September
11 A Year Later Advocates oppose proposal for INS
By JOE FEUERHERD
Washington
Opponents of the Bush Administration proposal to place the
Immigration and Naturalization Service within the proposed Department of
Homeland Security argue that an overburdened bureaucracy designed to combat
terror would be ill-equipped to deal with day-to-day immigration issues.
They also worry about the message that would be sent should the
government equate immigration with terrorism. Testifying in June before a House
subcommittee, U.S. Conference of Catholic Bishops migration and refugee policy
services director Kevin Appleby said placing the INS within the Homeland
Security agency would send a stark and clear message to the world that
the United States views foreign-born persons, generally speaking, with
suspicion and fear and not as neighbors who bring skills, culture and
faith to benefit our communities, towns and cities. Further, said
Appleby, placement of all INS functions into the new Homeland Security
Department also could prove detrimental to the civil rights of persons who
look or sound foreign.
Specifically, Appleby questioned whether the INSs Office of
Childrens Services should be placed within the Homeland Security agency.
The proposed Department of Homeland Security would be poorly equipped to
assume custodial care of unaccompanied children, lacking specific child welfare
expertise or experience in handling children.
Appleby and other advocates were persuasive. The homeland security
bill approved by the House in late July moved the enforcement and border
protection functions of the INS to the Homeland Security Department, while
immigrant service functions would remain at the Department of Justice. Care for
refugee children would fall under the more child-friendly Department of Health
and Human Services Office of Refugee Resettlement.
Most everybody, it seems, is pleased.
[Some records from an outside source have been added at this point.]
Lemma even_arc (m : nat) : (2 * m + 2 <= N)%nat ->
  arc (- sg) (tau t (2 * m + 2)) (W (2 * m + 1)%nat) (X (2 * m + 1)%nat)
      (Y (2 * m + 1)%nat) (W (2 * m + 2)%nat) (X (2 * m + 2)%nat) (Y (2 * m + 2)%nat).
Proof.
  intros Hm. pose proof (trajectory_arc (2 * m + 2) ltac:(lia)) as A.
  replace (2 * m + 2 - 1)%nat with (S (2 * m)) in A by lia.
  rewrite pow_1_odd in A. replace (2 * m + 1)%nat with (S (2 * m)) by lia.
  now replace (- sg) with (sg * -1) by ring.
Qed.

Lemma first_arc_state : (1 <= N)%nat ->
  sg * X 1%nat = 1 - cos (tau t 1) /\ sg * W 1%nat = - sin (tau t 1) /\
  Y 1%nat = sg * tau t 1.
Proof.
  intros HN. destruct traj as [I1 [I2 [I3 _]]].
  apply arc_from_rest; [exact sg_unit|].
  pose proof (odd_arc 0 HN) as A. simpl in A. now rewrite t0, I1, I2, I3, Rminus_0_r in A.
Qed.

Lemma pair_of_arcs (m : nat) : (2 * m + 3 <= N)%nat ->
  tau t (2 * m + 2) + tau t (2 * m + 3) = 2 * PI ->
  sg * X (2 * m + 3)%nat = sg * X (2 * m + 1)%nat + 2 * (1 - cos (tau t (2 * m + 2))) /\
  sg * W (2 * m + 3)%nat = sg * W (2 * m + 1)%nat + 2 * sin (tau t (2 * m + 2)) /\
  Y (2 * m + 3)%nat = Y (2 * m + 1)%nat + sg * (2 * PI - 2 * tau t (2 * m + 2)).
Proof.
  intros Hm Hsum.
  pose proof (odd_arc (S m) ltac:(lia)) as B.
  replace (2 * S m)%nat with (2 * m + 2)%nat in B by lia.
  replace (2 * m + 2 + 1)%nat with (2 * m + 3)%nat in B by lia.
  replace (tau t (2 * m + 3)) with (2 * PI - tau t (2 * m + 2)) in B by lra.
  exact (full_turn _ _ _ _ _ _ _ _ _ _ _ sg_unit (even_arc m ltac:(lia)) B).
Qed.

(* Part 1 invariant: full turns only increase sg * x2, starting from
   sg * x2 (t 1) = 1 - cos (tau 1). *)
Lemma odd_states_lower_bound (m : nat) : (2 * m + 1 <= N)%nat ->
  (forall i, (i < m)%nat -> tau t (2 * i + 2) + tau t (2 * i + 3) = 2 * PI) ->
  1 - cos (tau t 1) <= sg * X (2 * m + 1)%nat.
Proof.
  induction m as [|m IH]; intros Hm Hpairs.
  - destruct (first_arc_state ltac:(lia)) as [H _]. simpl. lra.
  - destruct (pair_of_arcs m ltac:(lia) (Hpairs m ltac:(lia))) as [H _].
    replace (2 * S m + 1)%nat with (2 * m + 3)%nat by lia.
    pose proof (COS_bound (tau t (2 * m + 2))).
    assert (1 - cos (tau t 1) <= sg * X (2 * m + 1)%nat)
      by (apply IH; [lia | intros i Hi; apply Hpairs; lia]).
    lra.
Qed.

Lemma odd_states_closed_form (a : R) (m : nat) : (2 * m + 1 <= N)%nat ->
  (forall i, (i < m)%nat -> tau t (2 * i + 2) = a /\ tau t (2 * i + 3) = 2 * PI - a) ->
  sg * X (2 * m + 1)%nat = 1 - cos (tau t 1) + 2 * INR m * (1 - cos a) /\
  sg * W (2 * m + 1)%nat = 2 * INR m * sin a - sin (tau t 1) /\
  Y (2 * m + 1)%nat = sg * (tau t 1 + INR m * (2 * PI - 2 * a)).
Proof.
  induction m as [|m IH]; intros Hm Hlen.
  - destruct (first_arc_state ltac:(lia)) as [H1 [H2 H3]]. simpl. lra.
  - destruct (Hlen m ltac:(lia)) as [Ha Hb].
    destruct (pair_of_arcs m ltac:(lia) ltac:(lra)) as [P1 [P2 P3]].
    destruct IH as [J1 [J2 J3]]; [lia | intros i Hi; apply Hlen; lia |].
    replace (2 * S m + 1)%nat with (2 * m + 3)%nat by lia.
    rewrite Ha in P1, P2, P3. rewrite S_INR. split; [|split]; lra.
Qed.

End Trajectory.

Lemma cos_lt_1 (x : R) : 0 < x < 2 * PI -> cos x < 1.
Proof.
  intros H. replace x with (2 * (x / 2)) by field. rewrite cos_2a_sin.
  assert (0 < sin (x / 2)) by (apply sin_gt_0; lra). nra.
Qed.

Lemma sin_eq_0_near_0 (x : R) : - PI < x < PI -> sin x = 0 -> x = 0.
Proof.
  intros Hx Hs. destruct (Rtotal_order x 0) as [Hlt|[Heq|Hgt]]; auto; exfalso.
  - assert (0 < sin (- x)) by (apply sin_gt_0; lra). rewrite sin_neg in *. lra.
  - assert (0 < sin x) by (apply sin_gt_0; lra). lra.
Qed.

(* An elementary bound: sin (h + b) < 2 sin h, either because b < h
   (then sin (h + b) = 2 sin h cos b - sin (h - b)) or because h is obtuse
   (then cos h < 0 < sin b). *)
Lemma sin_add_lt_twice (h b : R) :
  0 < h < PI -> 0 < b -> 2 * h + b <= 2 * PI -> b < h \/ PI / 2 < h ->
  sin (h + b) < 2 * sin h.
Proof.
  intros Hh Hb Hsum Hcase.
  assert (0 < sin h) by (apply sin_gt_0; lra).
  pose proof (COS_bound b).
  destruct Hcase as [Hbh|Hobtuse].
  - assert (0 < sin (h - b)) by (apply sin_gt_0; lra).
    assert (sin (h + b) = 2 * sin h * cos b - sin (h - b))
      by (rewrite sin_plus, sin_minus; ring).
    nra.
  - assert (cos h < 0) by (apply cos_lt_0; lra).
    assert (0 < sin b) by (apply sin_gt_0; lra).
    rewrite sin_plus. nra.
Qed.

(* Sum-to-product form of the two trigonometric end conditions of part 2,
   in the half angles S = (t1 + a + b)/2, D = (t1 - b)/2 and a/2. *)
Lemma end_conditions_half_angles (r t1 a b : R) :
  cos t1 = 2 * r * (1 - cos a) + cos (a + b) ->
  sin t1 = 2 * r * sin a - sin (a + b) ->
  sin ((t1 + a + b) / 2) * sin ((t1 - b) / 2) = 0 /\
  sin ((t1 + a + b) / 2) * cos ((t1 - b) / 2) = 2 * r * sin (a / 2).
Proof.
  set (h := a / 2). set (S := (t1 + a + b) / 2). set (D := (t1 - b) / 2).
  replace t1 with (S + D - h) by (unfold S, D, h; field).
  replace (a + b) with (S - D + h) by (unfold S, D, h; field).
  replace a with (2 * h) by (unfold h; field).
  intros HR HI.
  repeat rewrite ?cos_minus, ?cos_plus, ?sin_minus, ?sin_plus, ?cos_2a, ?sin_2a in HR.
  repeat rewrite ?cos_minus, ?cos_plus, ?sin_minus, ?sin_plus, ?cos_2a, ?sin_2a in HI.
  pose proof (sin2_cos2 S) as PS. pose proof (sin2_cos2 D) as PD.
  pose proof (sin2_cos2 h) as Ph. unfold Rsqr in PS, PD, Ph.
  split; nsatz.
Qed.

(* The trigonometric core of part 2: the end conditions force t1 = b and then
   sin (a/2 + b) = 2 r sin (a/2) >= 2 sin (a/2), which the sign condition
   coming from gamma > 0 rules out. *)
Lemma even_case_trig_contradiction (r t1 a b : R) :
  1 <= r -> 0 < t1 < 2 * PI -> 0 < a < 2 * PI -> 0 < b -> a + b <= 2 * PI ->
  cos t1 = 2 * r * (1 - cos a) + cos (a + b) ->
  sin t1 = 2 * r * sin a - sin (a + b) ->
  t1 + (r - 1) * (2 * PI - 2 * a) - a + b < 0 -> False.
Proof.
  intros Hr Ht Ha Hb Hab HR HI Hsign.
  destruct (end_conditions_half_angles r t1 a b HR HI) as [E1 E2].
  assert (Hh : 0 < sin (a / 2)) by (apply sin_gt_0; lra).
  assert (HS : sin ((t1 + a + b) / 2) <> 0) by (intro Z; rewrite Z in E2; nra).
  assert (HD : (t1 - b) / 2 = 0).
  { apply sin_eq_0_near_0; [lra|].
    destruct (Rmult_integral _ _ E1); [contradiction | assumption]. }
  replace ((t1 - b) / 2) with 0 in E2 by lra.
  replace ((t1 + a + b) / 2) with (a / 2 + b) in E2 by lra.
  rewrite cos_0, Rmult_1_r in E2.
  assert (sin (a / 2 + b) < 2 * sin (a / 2)).
  { apply sin_add_lt_twice; [lra | lra | lra |].
    destruct (Rle_lt_dec a PI) as [Hle|Hgt]; [left | right; lra].
    assert (0 <= (r - 1) * (2 * PI - 2 * a)) by (apply Rmult_le_pos; lra).
    lra. }
  nra.
Qed.

Lemma alternating_even_terms (f : nat -> R) (c : R) (M : nat) :
  (forall k, (2 <= k)%nat -> (k < M)%nat -> f k + f (k + 1)%nat = c) ->
  forall i, (2 * i + 2 <= M)%nat -> f (2 * i + 2)%nat = f 2%nat.
Proof.
  intros Hsum. induction i as [|i IH]; intros Hi; [reflexivity|].
  pose proof (Hsum (2 * i + 2)%nat ltac:(lia) ltac:(lia)) as E1.
  pose proof (Hsum (2 * i + 3)%nat ltac:(lia) ltac:(lia)) as E2.
  replace (2 * i + 2 + 1)%nat with (2 * i + 3)%nat in E1 by lia.
  replace (2 * i + 3 + 1)%nat with (2 * S i + 2)%nat in E2 by lia.
  rewrite IH in E1 by lia. lra.
Qed.

(* Part 1: with 2 rho arcs, sg * x2 stays >= 1 - cos tau_1 > 0 at the odd
   switching times, while the last arc (control -sg) can only reach
   x1 = x3, x2 = 0 from a state with sg * x2 = cos tau_{2 rho} - 1 <= 0. *)
Lemma no_steering_odd_switchings (gamma : R) (rho : nat) (t : nat -> R) (sg : R) :
  (1 <= rho)%nat -> (sg = 1 \/ sg = -1) -> t 0%nat = 0 ->
  (forall k, (1 <= k <= 2 * rho)%nat -> 0 < tau t k < 2 * PI) ->
  (forall k, (2 <= k <= 2 * rho - 2)%nat -> tau t k + tau t (k + 1) = 2 * PI) ->
  ~ steers_to (2 * rho) t sg gamma.
Proof.
  intros Hrho Hsg H0 Hlen Hpair [x1 [x2 [x3 [Tr [E1 [E2 E3]]]]]].
  assert (Hs : sg * sg = 1) by (destruct Hsg; subst; ring).
  assert (Hs_opp : - sg * - sg = 1) by (rewrite <- Hs; ring).
  assert (Hpos : forall k, (1 <= k <= 2 * rho)%nat -> 0 < tau t k)
    by (intros k Hk; apply Hlen, Hk).
  assert (bound : 1 - cos (tau t 1) <= sg * x2 (t (2 * (rho - 1) + 1)%nat)).
  { apply (odd_states_lower_bound (2 * rho) t sg x1 x2 x3 Tr H0 Hpos Hs); [lia|].
    intros i Hi. replace (2 * i + 3)%nat with (2 * i + 2 + 1)%nat by lia.
    apply Hpair. lia. }
  pose proof (even_arc (2 * rho) t sg x1 x2 x3 Tr H0 Hpos (rho - 1) ltac:(lia)) as last.
  replace (2 * (rho - 1) + 2)%nat with (2 * rho)%nat in last by lia.
  rewrite E1, E2, E3, Rminus_diag in last.
  pose proof (arc_to_rest _ _ _ _ _ _ Hs_opp last) as Hend.
  pose proof (cos_lt_1 (tau t 1) (Hlen 1%nat ltac:(lia))).
  pose proof (COS_bound (tau t (2 * rho))). lra.
Qed.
Said House Judiciary
Committee Chairman F. James Sensenbrenner, R-Wis.: These reforms will end
the INSs mission overload and ensure that immigration services will
receive the resources necessary to treat legal immigrants with the
professionalism that they deserve.
The Senate is expected to take up legislation, approved by its
Governmental Affairs Committee, to establish a Homeland Security Department
when it resumes legislative work this month.